SPAM is THE four-letter of IT. Nothing makes users, developers and IT managers more annoyed than filtering this frivolous data coming into their systems. SPAM as it relates to email has some really good utilities that can limit a large amount of the unwanted messages while having relatively low false positive and false negative rates. Most of these utilities are so mature that you simply install them, configure a few settings and generally forget about it, with the filter taking care of everything.
Comment or Form Spam, on the other hand, does not have a drop-in type solution because of the level of integration a form has within the larger system. The field types and names of each form vary drastically when compared to the MIME headers of an email. Drop-in solutions have been attempted for form spam, however they often have limited success when they are run independent of more integrated methods.
The various form spam prevention methods can be grouped into one of 10 general categories.
Field Specificity & Validation
Field specificity and absolute validation of the replied values should be the first level of defense. Whenever a public form is created, you create the inputs with as much specificity as possible, when validate strictly against this specificity. The HTML5 specification has made this much easier with the expansion of the types of input fields.

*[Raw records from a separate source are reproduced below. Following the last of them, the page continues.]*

Lemma arc_moment_circle (a b : nat) :
  arc_moment x y (a + 2) b + arc_moment x y a (b + 2) = (x0 ^ 2 + y0 ^ 2) * arc_moment x y a b.
Proof.
  replace (_ + _) with (1 * arc_moment x y (a + 2) b + 1 * arc_moment x y a (b + 2)) by ring.
  replace (_ * arc_moment x y a b) with
    ((x0 ^ 2 + y0 ^ 2) * arc_moment x y a b + 0 * arc_moment x y a b) by ring.
  rewrite !arc_moment_lin; apply RInt_ext_R; intros t.
  rewrite <- (arc_circle _ _ _ _ arc t), !pow_add; ring.
Qed.

Lemma arc_moment_circle_power (L : nat) :
  sum_f_R0 (fun i => Binomial.C L i * arc_moment x y (2 * i) (2 * (L - i))) L
  = PI * (x0 ^ 2 + y0 ^ 2) ^ L.
Proof.
  transitivity
    (RInt (fun t => sum_f_R0 (fun i => Binomial.C L i * (x t ^ (2 * i) * y t ^ (2 * (L - i)))) L)
       0 PI).
  - rewrite RInt_sum_f_R0_continuous
      by (intros; apply continuous_Rscal, arc_monomial_continuous).
    apply sum_eq; intros i _; unfold arc_moment.
    symmetry; apply RInt_scal_continuous; intros; apply arc_monomial_continuous.
  - rewrite (RInt_ext_R _ (fun _ => (x0 ^ 2 + y0 ^ 2) ^ L)).
    + rewrite RInt_const; unfold scal; simpl; unfold mult; simpl; ring.
    + intros t; rewrite <- (arc_circle _ _ _ _ arc t), binomial.
      apply sum_eq; intros i _; rewrite !pow_mult; ring.
Qed.

End RotationArc.

(** * Moments as forms in the starting point *)

Inductive parity_poly (e : nat) : (R -> R -> R) -> Prop :=
| parity_poly_monomial (p q L : nat) (lam : R) :
    (p + q + 2 * L = e)%nat -> parity_poly e (fun x y => lam * (x ^ p * y ^ q))
| parity_poly_add (f g : R -> R -> R) :
    parity_poly e f -> parity_poly e g -> parity_poly e (fun x y => f x y + g x y)
| parity_poly_ext (f g : R -> R -> R) :
    parity_poly e f -> (forall x y, f x y = g x y) -> parity_poly e g.

Lemma parity_poly_scal (e : nat) (f : R -> R -> R) (al : R) :
  parity_poly e f -> parity_poly e (fun x y => al * f x y).
Proof.
  induction 1 as [p q L lam He|f g _ IHf _ IHg|f g _ IH E].
  - eapply parity_poly_ext; [apply (parity_poly_monomial e p q L (al * lam) He)|].
    intros; cbv beta; ring.
  - eapply parity_poly_ext; [apply (parity_poly_add e _ _ IHf IHg)|]; intros; cbv beta; ring.
  - eapply parity_poly_ext; [apply IH|]; intros; cbv beta; rewrite <- E; ring.
Qed.

Lemma parity_poly_mul_circle (e e' : nat) (f : R -> R -> R) :
  (e' = e + 2)%nat -> parity_poly e f -> parity_poly e' (fun x y => (x ^ 2 + y ^ 2) * f x y).
Proof.
  intros ->; induction 1 as [p q L lam He|f g _ IHf _ IHg|f g _ IH E].
  - eapply parity_poly_ext;
      [apply parity_poly_add;
         [apply (parity_poly_monomial _ (p + 2) q L lam)
         |apply (parity_poly_monomial _ p (q + 2) L lam)]; lia|].
    intros; cbv beta; rewrite !pow_add; ring.
  - eapply parity_poly_ext; [apply (parity_poly_add _ _ _ IHf IHg)|]; intros; cbv beta; ring.
  - eapply parity_poly_ext; [apply IH|]; intros; cbv beta; rewrite <- E; ring.
Qed.

Definition moment_form (e : nat) (F : R -> R -> R) : Prop :=
  if Nat.even e then exists kap, forall x y, F x y = kap * (x ^ 2 + y ^ 2) ^ (e / 2)
  else parity_poly e F.

Lemma moment_form_lin (e : nat) (f g : R -> R -> R) (al be : R) :
  moment_form e f -> moment_form e g -> moment_form e (fun x y => al * f x y + be * g x y).
Proof.
  unfold moment_form; destruct (Nat.even e).
  - intros [k1 H1] [k2 H2]; exists (al * k1 + be * k2); intros; rewrite H1, H2; ring.
  - intros; apply parity_poly_add; apply parity_poly_scal; auto.
Qed.

Lemma moment_form_ext (e : nat) (f g : R -> R -> R) :
  moment_form e f -> (forall x y, f x y = g x y) -> moment_form e g.
Proof.
  unfold moment_form; destruct (Nat.even e).
  - intros [kap H] E; exists kap; intros; rewrite <- E; auto.
  - intros; eapply parity_poly_ext; eauto.
Qed.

Request & Response Header Validation
Taking a step back from the HTML side is the validation of the HTTP header of the request for the form html and the associated headers of the response to posting the form values. Running some basic checks of the HTTP headers can provide an early warning to the presence of a spambot.
Honeypots are a concept taken straight from email spam prevention and come in 2 types: honey pot fields and honey pot forms. Honeypots are basically a very tempting submission location that should never receive real data. Any submissions to the honeypot are automatically labeled as spam.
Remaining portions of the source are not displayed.